"Players love the brutality and physical nature of our sport," Morey said. "Up until recently, most players thought of concussions as temporary and transitory injuries."
Kathy Brearley, the mother of former Penn lineman Owen Thomas, brought her son's high school football helmet to the hearing. Thomas had never had a concussion diagnosed at any age, Brearley said, but the helmet had numerous gashes and smudges across the front of it.
"That was the way he played," Brearley said after the hearing.
Brearley said her son would have cringed at being the center of so much attention. But she wanted to put a public face on chronic traumatic encephalopathy. Last week, a research team at Boston University School of Medicine announced it had determined Thomas had the beginning stages of the degenerative disease, believed to be chiefly caused by repeated head trauma.
"Maybe he had mild concussions that he never reported," Brearley said. "That would be Owen anxious to return to the game, not a coach pressurizing him. No one could pressurize Owen to do anything. Or maybe CTE is the cumulative effect of multiple subconcussions, compounded by some as yet unknown genetic component."
In her statement to the committee, Brearley said her goal was to put a face on CTE. She told of how her son would take his helmet off and "shake his long red hair as if he were a Viking."
She testified about how he was born with a confident type-A personality, and no fear. His mother said Thomas jumped into the deep end of a hotel swimming pool at age 4, before he knew how to swim.
Thomas was "deeply kind," she said, to the point that parents of bullied kids would ask him to sit next to their child on the bus or give protection on the playground. He was organized - every school year, he color-coded his files, got index tabs, "stocked up on erasers . . ." On church mission trips, he did twice the work that everyone else did but came home starving. That's because at home he often drank gallons of milk and would stop at Wendy's to get "four double hamburgers with french fries."
The pastor of a Church of Christ in Allentown, Brearley had expected a future for her son as "a wonderful contributing citizen."
Brearley said that whatever the explanation for CTE, if her son had not committed suicide, "he faced an increasingly circumscribed future as his brain disease progressed. . . . The bright future to which he aspired would have eluded him."
Researchers have not directly linked Thomas' suicide to the CTE finding, and some medical professionals have pointed out that the medical benefits of playing sports far outweigh the unknown and seemingly slight odds of being debilitated by a degenerative disease caused by brain trauma. However, one of the goals of the legislation is to help end any belief that concussions are temporary conditions with no lasting effects.
"Every concussion is brain damage. There's no way to say it otherwise," said Rep. Bill Pascrell (D, N.J.), who coauthored a separate "Concussion Treatment and Care Tools Act," which passed out of another House subcommittee last week, and calls for concussion management guidelines.
In some ways, this is a so-called "apple pie" issue. No one comes out in favor of concussions. No member of Congress spoke against the bill discussed at Thursday's hearing. The proposed legislation is supported by NFL commissioner Roger Goodell and calls for requiring school districts to develop plans for concussion safety and management programs as well as education programs for youths and their parents. It also called for support of "when in doubt, sit it out" policies.
After the hearing, Morey spoke of his retirement this summer, which came after he had signed a three-year contract with the Seattle Seahawks. "It was almost the only decision. I felt like I didn't have a decision."
"I was part of an independent research study" at Boston University, Morey said. "And in that, I discussed my concussion history. I was going through my concussion history with Dr. [Robert] Cantu, he's looking at me like I'm a train wreck. He said 'I don't think you should be playing football, but I want you to contact the office in two weeks when the lab results come back.' "
Morey ignored that suggestion, but Cantu caught up with him at another conference on helmets and asked how he was doing.
"I had just finished a three-day migraine," Morey said. "It's just debilitating. I still have most concussion symptoms. I still have migraines and chronic headaches and blind spots."
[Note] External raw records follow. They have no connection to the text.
(* Let $H=(V,E)$ be a hypergraph on $k\ge2$ vertices and let $d\ge1$ be an integer. Then there exists a set $F\subseteq E$ of at most $kd$ hyperedges such that the hypergraph $H'=(V,E\setminus F)$ satisfies: for every integer $\alpha\ge1$, the number of distinct sets $\delta_{H'}(S)$, over $S\subseteq V$, with $|\delta_{H'}(S)|\le\alpha d$ is at most $(2k)^{2\alpha}$.
   Context: For a hypergraph $H=(V,E)$ and $S\subseteq V$, $\delta_H(S)$ is the set of hyperedges $e\in E$ that are contained in neither $S$ nor $V\setminus S$. Two cuts $S_1,S_2$ cutting exactly the same set of hyperedges are counted once. *)

From mathcomp Require Import all_boot.
Set Implicit Arguments. Unset Strict Implicit. Unset Printing Implicit Defensive.

Definition hcut (V : finType) (E : {set {set V}}) (S : {set V}) : {set {set V}} :=
  [set e in E | ~~ (e \subset S) && ~~ (e \subset ~: S)].

Definition small_cuts (V : finType) (E : {set {set V}}) (c : nat) :
    {set {set {set V}}} :=
  [set hcut E S | S in [pred S : {set V} | #|hcut E S| <= c]].

From mathcomp Require Import all_boot.
From mathcomp Require Import zify.
Set Implicit Arguments. Unset Strict Implicit. Unset Printing Implicit Defensive.

(* Write c(C) for the number of connected components of (V, C), and call an
   edge e of G merging for C when c(e + C) < c(C).  Say that G is d-robust if
   every C \subset G has at least d (c(C) - c(G)) merging edges in G.

   Every E becomes d-robust after deleting at most k d edges: as long as some C
   violates robustness, delete its merging edges.  This costs fewer than
   d (c(C) - c(G)) edges and raises the component count to exactly c(C), and the
   component count can grow by at most k in total.

   In a d-robust G, let N(C) be the number of cuts of size at most a d that
   avoid C, and j = c(C) - c(G).  A cut avoiding C is a union of C-components,
   up to flipping whole G-components, so N(C) <= 2^j.  If j > a, every such cut
   misses all but a d of the at least d j merging edges e, and then avoids e + C;
   double counting yields N(C) <= j/(j - a) max_e N(e + C), hence by induction
   N(C) <= 2^a 'C(j, a) <= (2k)^(2a). *)

Lemma eq_subset_in (T : finType) (e A B : {set T}) :
  {in e, forall x, (x \in A) = (x \in B)} -> (e \subset A) = (e \subset B).
Proof.
by move=> eqAB; apply/subsetP/subsetP => sub x xe; rewrite ?eqAB ?sub // -eqAB ?sub.
Qed.

Lemma sum_nat_indicator (T : finType) (A : {set T}) (P : pred T) :
  \sum_(x in A) (P x : nat) = #|[set x in A | P x]|.
Proof.
rewrite -sum1_card [RHS]big_mkcond [LHS]big_mkcond; apply: eq_bigr => x _.
by rewrite !inE; case: (x \in A); case: (P x).
Qed.

Section Components.

Variable V : finType.
Implicit Types A B : {set {set V}}.

Definition hadj A : rel V := fun x y => [exists e in A, (x \in e) && (y \in e)].
Definition hconn A : rel V := connect (hadj A).
Definition hroot A : V -> V := root (hadj A).
Definition ncomp A : nat := #|[set hroot A x | x : V]|.

Lemma hconn_sym A : connect_sym (hadj A).
Proof.
apply: sym_connect_sym => x y; apply: eq_existsb => e.
by rewrite [(x \in e) && _]andbC.
Qed.

Lemma hconn_edge A e x y : e \in A -> x \in e -> y \in e -> hconn A x y.
Proof. by move=> eA xe ye; apply/connect1/existsP; exists e; rewrite eA xe ye. Qed.

Lemma hconn_hroot A x : hconn A x (hroot A x).
Proof. exact: connect_root. Qed.

Lemma hrootP A x y : reflect (hroot A x = hroot A y) (hconn A x y).
Proof. exact: (rootP (hconn_sym A)). Qed.

Lemma hroot_hroot A x : hroot A (hroot A x) = hroot A x.
Proof. exact: (root_root (hconn_sym A)). Qed.

Lemma hconn_cover A B :
  (forall e x y, e \in B -> x \in e -> y \in e -> hconn A x y) ->
  subrel (hconn B) (hconn A).
Proof.
by move=> coverB; apply: connect_sub => x y /existsP[e /and3P[/coverB]]; apply.
Qed.

Lemma hconn_subset A B : A \subset B -> subrel (hconn A) (hconn B).
Proof.
by move=> sAB; apply: hconn_cover => e x y /(subsetP sAB); apply: hconn_edge.
Qed.

Lemma hroot_subrel A B x :
  subrel (hconn A) (hconn B) -> hroot B (hroot A x) = hroot B x.
Proof. by move=> sAB; apply/esym/hrootP/sAB/hconn_hroot. Qed.

Lemma hroots_subrel A B : subrel (hconn A) (hconn B) ->
  [set hroot B x | x : V] = hroot B @: [set hroot A x | x : V].
Proof.
by move=> sAB; rewrite -imset_comp; apply: eq_imset => x /=; rewrite hroot_subrel.
Qed.

Lemma ncomp_subrel A B : subrel (hconn A) (hconn B) -> ncomp B <= ncomp A.
Proof. by move=> sAB; rewrite /ncomp (hroots_subrel sAB) leq_imset_card. Qed.

Lemma ncomp_subrel_eq A B : subrel (hconn A) (hconn B) ->
  ncomp B = ncomp A -> subrel (hconn B) (hconn A).
Proof.
move=> sAB; rewrite /ncomp (hroots_subrel sAB) => /eqP/imset_injP injB u v.
by move/hrootP=> eq_uv; apply/hrootP/injB; rewrite ?imset_f // !hroot_subrel.
Qed.

Lemma ncomp_subset A B : A \subset B -> ncomp B <= ncomp A.
Proof. by move/hconn_subset/ncomp_subrel. Qed.

Lemma ncomp_leq_card A : ncomp A <= #|V|.
Proof. exact: leq_trans (leq_imset_card _ _) (max_card _). Qed.

End Components.

Section Cuts.

Variable V : finType.
Implicit Types (C D G M : {set {set V}}) (S : {set V}).

Lemma hcut_addb_hroot G S (b : V -> bool) :
  hcut G [set x | (x \in S) (+) b (hroot G x)] = hcut G S.
Proof.
apply/setP => e; rewrite !inE; case eG: (e \in G) => //=.
have [->|[z ze]] := set_0Vmem e; first by rewrite !sub0set.
set S' := [set x | _ (+) _]; set c := b (hroot G z).
have S'e : {in e, forall x, (x \in S') = (x \in S) (+) c}.
  by move=> x xe; rewrite inE /c; congr (_ (+) b _); apply/hrootP/(hconn_edge eG).
case: c S'e => S'e.
- rewrite (eq_subset_in (B := ~: S)); last by move=> x /S'e->; rewrite inE addbT.
  rewrite andbC (eq_subset_in (A := ~: S') (B := S)) //.
  by move=> x /S'e; rewrite !inE => ->; rewrite addbT negbK.
- rewrite (eq_subset_in (B := S)); last by move=> x /S'e->; rewrite addbF.
  rewrite (eq_subset_in (A := ~: S') (B := ~: S)) //.
  by move=> x /S'e; rewrite !inE => ->; rewrite addbF.
Qed.

Lemma hconn_avoiding_closed G C S x y : C \subset G ->
  [disjoint hcut G S & C] -> hconn C x y -> (x \in S) = (y \in S).
Proof.
move=> sCG avoidC; apply: closed_connect => u v /existsP[e /and3P[eC ue ve]].
have : e \notin hcut G S by rewrite (disjointFl avoidC eC).
rewrite inE (subsetP sCG _ eC) /= negb_and !negbK => /orP[] /subsetP sub.
  by rewrite !sub.
by move: (sub u ue) (sub v ve); rewrite !inE => /negbTE-> /negbTE->.
Qed.

Lemma small_cutsP G c D :
  reflect (exists2 S, D = hcut G S & #|hcut G S| <= c) (D \in small_cuts G c).
Proof.
apply: (iffP imsetP) => [[S] | [S -> cut_le]]; first by rewrite inE => ? ->; exists S.
by exists S; rewrite ?inE.
Qed.

Definition cuts_avoiding G c C : {set {set {set V}}} :=
  [set D in small_cuts G c | [disjoint D & C]].

Lemma cuts_avoiding0 G c : cuts_avoiding G c set0 = small_cuts G c.
Proof. by apply/setP => D; rewrite inE disjoints_subset setC0 subsetT andbT. Qed.

(* Flipping the G-components whose root lies in S leaves the cut unchanged and
   turns S into a union of C-components none of which contains a G-root. *)
Lemma card_cuts_avoiding_le_exp G c C :
  C \subset G -> #|cuts_avoiding G c C| <= 2 ^ (ncomp C - ncomp G).
Proof.
move=> sCG; set R := [set hroot C (hroot G x) | x : V].
set free := [set hroot C x | x : V] :\: R.
have sRC : R \subset [set hroot C x | x : V].
  by apply/subsetP => _ /imsetP[x _ ->]; rewrite imset_f.
have ncompG_le : ncomp G <= #|R|.
  rewrite /ncomp (_ : [set hroot G x | x : V] = hroot G @: R) ?leq_imset_card //.
  rewrite -imset_comp; apply: eq_imset => x /=.
  by rewrite (hroot_subrel _ (hconn_subset sCG)) hroot_hroot.
have card_free : #|free| <= ncomp C - ncomp G.
  by rewrite cardsD (setIidPr sRC); apply: leq_sub2l.
apply: (@leq_trans #|powerset free|); last first.
  by rewrite card_powerset leq_pexp2l.
pose cut_of (Y : {set V}) := hcut G [set x | hroot C x \in Y].
apply: (@leq_trans #|cut_of @: powerset free|); last exact: leq_imset_card.
apply/subset_leq_card/subsetP => _ /setIdP[/small_cutsP[S -> _] avoidC].
set S' := [set x | (x \in S) (+) (hroot G x \in S)].
have closedS' x y : hconn C x y -> (x \in S') = (y \in S').
  move=> xy; rewrite !inE (hconn_avoiding_closed sCG avoidC xy).
  by rewrite (hrootP _ _ _ (hconn_subset sCG xy)).
apply/imsetP; exists (free :&: S'); first by rewrite powersetE subsetIl.
rewrite -(hcut_addb_hroot G S (fun r => r \in S)) -/S'; congr hcut; apply/setP => x.
rewrite (closedS' x (hroot C x)) ?hconn_hroot // inE in_setI andbC.
have [xS' /= | //] := boolP (hroot C x \in S').
rewrite in_setD imset_f // andbT; apply/esym/imsetP => -[z _ xz].
have := closedS' _ _ (hconn_hroot C (hroot G z)).
by rewrite -xz xS' inE hroot_hroot addbb.
Qed.

Lemma cuts_avoiding_double_count G c C M :
  #|cuts_avoiding G c C| * (#|M| - c) <=
  \sum_(e in M) #|cuts_avoiding G c (e |: C)|.
Proof.
have missed D : D \in cuts_avoiding G c C -> #|M| - c <= \sum_(e in M) (e \notin D).
  case/setIdP=> /small_cutsP[S -> cut_le] _; rewrite sum_nat_indicator.
  rewrite (_ : [set e in M | _] = M :\: hcut G S); last first.
    by apply/setP => e; rewrite !inE andbC.
  by rewrite cardsD leq_sub2l // (leq_trans _ cut_le) ?subset_leq_card ?subsetIr.
rewrite -sum_nat_const.
apply: (@leq_trans (\sum_(D in cuts_avoiding G c C) \sum_(e in M) (e \notin D))).
  exact: leq_sum.
rewrite exchange_big /=.
apply: leq_sum => e eM; rewrite sum_nat_indicator subset_leq_card //.
apply/subsetP => D /setIdP[/setIdP[Dsmall avoidC] eD]; rewrite inE Dsmall /=.
rewrite disjoints_subset setCU subsetI -!disjoints_subset disjoint_sym.
by rewrite disjoints1 eD avoidC.
Qed.

End Cuts.

Definition cut_bound (a j : nat) : nat := 2 ^ a * 'C(maxn j a, a).

Lemma leq_exp_cut_bound a j : j <= a -> 2 ^ j <= cut_bound a j.
Proof.
by move=> le_ja; rewrite /cut_bound (maxn_idPr le_ja) binn muln1 leq_pexp2l.
Qed.

Lemma cut_bound_homo a : {homo cut_bound a : i j / i <= j}.
Proof.
move=> i j le_ij; rewrite /cut_bound leq_mul2l leq_bin2l ?orbT //.
by rewrite geq_max leq_maxr (leq_trans le_ij) ?leq_maxl.
Qed.

Lemma cut_bound_rec a j : a < j -> j * cut_bound a j.-1 = (j - a) * cut_bound a j.
Proof.
move=> lt_aj; rewrite /cut_bound (maxn_idPl (ltnW lt_aj)).
rewrite (maxn_idPl (_ : a <= j.-1)).
  by rewrite mulnCA mul_bin_down mulnCA.
by rewrite -ltnS prednK ?(leq_ltn_trans _ lt_aj).
Qed.

Lemma leq_bin_exp n m : 'C(n, m) <= n ^ m.
Proof.
apply: leq_trans (_ : n ^_ m <= _); first by rewrite -bin_ffact leq_pmulr ?fact_gt0.
elim: m => [|m IHm]; first by rewrite ffactn0.
by rewrite ffactnSr expnSr leq_mul ?leq_subr.
Qed.

Lemma cut_bound_leq a j k : j <= k -> 0 < k -> cut_bound a j <= (2 * k) ^ (2 * a).
Proof.
move=> le_jk k_gt0; apply: leq_trans (cut_bound_homo a le_jk) _.
apply: (@leq_trans ((2 * k) ^ a)); last first.
  by apply: leq_pexp2l; rewrite ?muln_gt0 // mul2n -addnn leq_addr.
rewrite /cut_bound expnMn leq_mul2l; apply/orP; right.
by have [_ | _] := leqP a k; rewrite ?leq_bin_exp // binn expn_gt0 k_gt0.
Qed.

(* [m / (m - a d)] decreases in [m] and equals [j / (j - a)] at [m = d j]. *)
Lemma leq_ratio_scale N B m a d j : 0 < d -> a < j -> d * j <= m ->
  N * (m - a * d) <= m * B -> N * (j - a) <= j * B.
Proof.
move=> d_gt0 lt_aj le_djm le_NB.
have pos : 0 < m - a * d.
  by rewrite subn_gt0 (leq_trans _ le_djm) // [d * j]mulnC ltn_pmul2r.
have le_mj : m * (j - a) <= j * (m - a * d).
  rewrite !mulnBr [j * m]mulnC leq_sub2l // mulnCA [m * a]mulnC leq_mul2l.
  by rewrite [j * d]mulnC le_djm orbT.
rewrite -(leq_pmul2r pos) mulnAC (leq_trans (leq_mul le_NB (leqnn (j - a)))) //.
by rewrite mulnAC [j * B * _]mulnAC leq_mul2r le_mj orbT.
Qed.

Section Robust.

Variable V : finType.
Implicit Types (C G : {set {set V}}).

Definition merging_edges G C : {set {set V}} :=
  [set e in G | ncomp (e |: C) < ncomp C].

Definition robust (d : nat) G : bool :=
  [forall C : {set {set V}},
     (C \subset G) ==> (d * (ncomp C - ncomp G) <= #|merging_edges G C|)].

Lemma ncomp_setD_merging G C :
  C \subset G -> ncomp (G :\: merging_edges G C) = ncomp C.
Proof.
move=> sCG; apply/eqP; rewrite eqn_leq; apply/andP; split.
  apply/ncomp_subset/subsetP => e eC; rewrite !inE (subsetP sCG _ eC) andbT.
  by rewrite (setUidPr _) ?ltnn // sub1set.
apply/ncomp_subrel/hconn_cover => e x y /setDP[eG]; rewrite inE eG -leqNgt /=.
move=> merge_le xe ye; have sC : C \subset e |: C by apply: subsetUr.
have eqC := ncomp_subrel_eq (hconn_subset sC).
apply: (eqC _ x y); last by apply: (hconn_edge (setU11 e C)).
by apply/eqP; rewrite eqn_leq merge_le ncomp_subset.
Qed.

Lemma exists_robust_subset d G : exists F : {set {set V}},
  [/\ F \subset G, robust d (G :\: F) & #|F| <= d * (ncomp (G :\: F) - ncomp G)].
Proof.
have [n] := ubnP (#|V| - ncomp G); elim: n G => // n IHn G lt_n.
have [rG | /forallPn[C]] := boolP (robust d G).
  by exists set0; rewrite sub0set setD0 rG cards0.
rewrite negb_imply -ltnNge => /andP[sCG few].
have lt_GC : ncomp G < ncomp C.
  by rewrite -subn_gt0 lt0n; apply: contraTneq few => ->; rewrite muln0.
set M := merging_edges G C in few.
have [|F [sF rF cardF]] := IHn (G :\: M).
  rewrite ncomp_setD_merging //; move: (ncomp_leq_card C) lt_GC lt_n.
  by move: (ncomp C) (ncomp G) #|V| => c g v; lia.
rewrite ncomp_setD_merging // in cardF.
have le_CF : ncomp C <= ncomp (G :\: M :\: F).
  by rewrite -(ncomp_setD_merging sCG) ncomp_subset ?subsetDl.
exists (M :|: F); rewrite -setDDl; split => //.
  rewrite subUset (subset_trans sF) ?subsetDl ?andbT //.
  by apply/subsetP => e /setIdP[].
rewrite (_ : _ - _ = (ncomp C - ncomp G) + (ncomp (G :\: M :\: F) - ncomp C)).
  by rewrite mulnDr (leq_trans (leq_card_setU _ _)) // leq_add // ltnW.
by move: le_CF lt_GC; move: (ncomp C) (ncomp G) (ncomp _) => c g x; lia.
Qed.

Lemma card_cuts_avoiding_robust d a G C : robust d G -> 0 < d -> C \subset G ->
  #|cuts_avoiding G (a * d) C| <= cut_bound a (ncomp C - ncomp G).
Proof.
move=> rG d_gt0; have [n] := ubnP (ncomp C - ncomp G).
elim: n C => // n IHn C lt_n sCG; set j := ncomp C - ncomp G in lt_n *.
have [le_ja | lt_aj] := leqP j a.
  exact: leq_trans (card_cuts_avoiding_le_exp _ sCG) (leq_exp_cut_bound le_ja).
set M := merging_edges G C.
have many : d * j <= #|M| by move/forallP/(_ C): rG; rewrite sCG.
have IHe e : e \in M -> #|cuts_avoiding G (a * d) (e |: C)| <= cut_bound a j.-1.
  case/setIdP=> eG merge; have sCe : e |: C \subset G by rewrite subUset sub1set eG.
  have le_j : ncomp (e |: C) - ncomp G <= j.-1.
    rewrite /j; move: merge; move: (ncomp (e |: C)) (ncomp C) (ncomp G).
    by move=> x c g; lia.
  apply: leq_trans (IHn _ _ sCe) (cut_bound_homo a le_j).
  by move: (ncomp (e |: C) - _) le_j => x; clearbody j; lia.
have sum_le : \sum_(e in M) #|cuts_avoiding G (a * d) (e |: C)|
              <= #|M| * cut_bound a j.-1.
  by rewrite -sum_nat_const leq_sum.
have := leq_ratio_scale d_gt0 lt_aj many
  (leq_trans (cuts_avoiding_double_count G (a * d) C M) sum_le).
by rewrite cut_bound_rec // mulnC leq_pmul2l ?subn_gt0.
Qed.

End Robust.

Theorem theorem1p3 (V : finType) (E : {set {set V}}) (k d : nat) :
  #|V| = k -> 2 <= k -> 1 <= d ->
  exists F : {set {set V}},
    [/\ F \subset E, #|F| <= k * d &
        forall alpha : nat, 1 <= alpha ->
          #|small_cuts (E :\: F) (alpha * d)| <= (2 * k) ^ (2 * alpha)].
Proof.
move=> card_V k_ge2 d_gt0.
have [F [sFE rF card_F]] := exists_robust_subset d E.
have le_k (A B : {set {set V}}) : ncomp A - ncomp B <= k.
  by rewrite -card_V (leq_trans (leq_subr _ _) (ncomp_leq_card A)).
exists F; split => // [|alpha _].
  by rewrite (leq_trans card_F) // mulnC leq_mul2r le_k orbT.
rewrite -cuts_avoiding0.
apply: leq_trans (card_cuts_avoiding_robust _ rF d_gt0 (sub0set _)) _.
exact: cut_bound_leq (le_k _ _) (ltnW k_ge2).
Qed.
Asked if he believed his condition would have been the same had he consulted a doctor two or three years ago, the Brown University graduate said, "You know what, I don't know. I don't think I would have been honest enough. I think only because of that research study I was finally honest with somebody. . . . The way that I've played the game for a long period of time, I've had my share of concussions and I've played through every one of them."
Cantu told Morey that he couldn't with a clear conscience tell him he should continue to play professional football. Morey, in the league since 1999, said he felt he had to disclose that to the Seahawks. He didn't think it would be fair to his teammates to "have to change the way I played the game."
"I knew the risks that I was taking when I was playing football," Morey said. "I knew the science. I still played through injuries that I probably shouldn't have. But that's on me. I'm a responsible adult. . . . Kids don't have that ability. Society hasn't deemed them responsible to make decisions where they can project consequences. If that's the case, it's on us as adults to pass these bills, to get behind legislation to help high school athletes and youth athletes manage their concussions properly."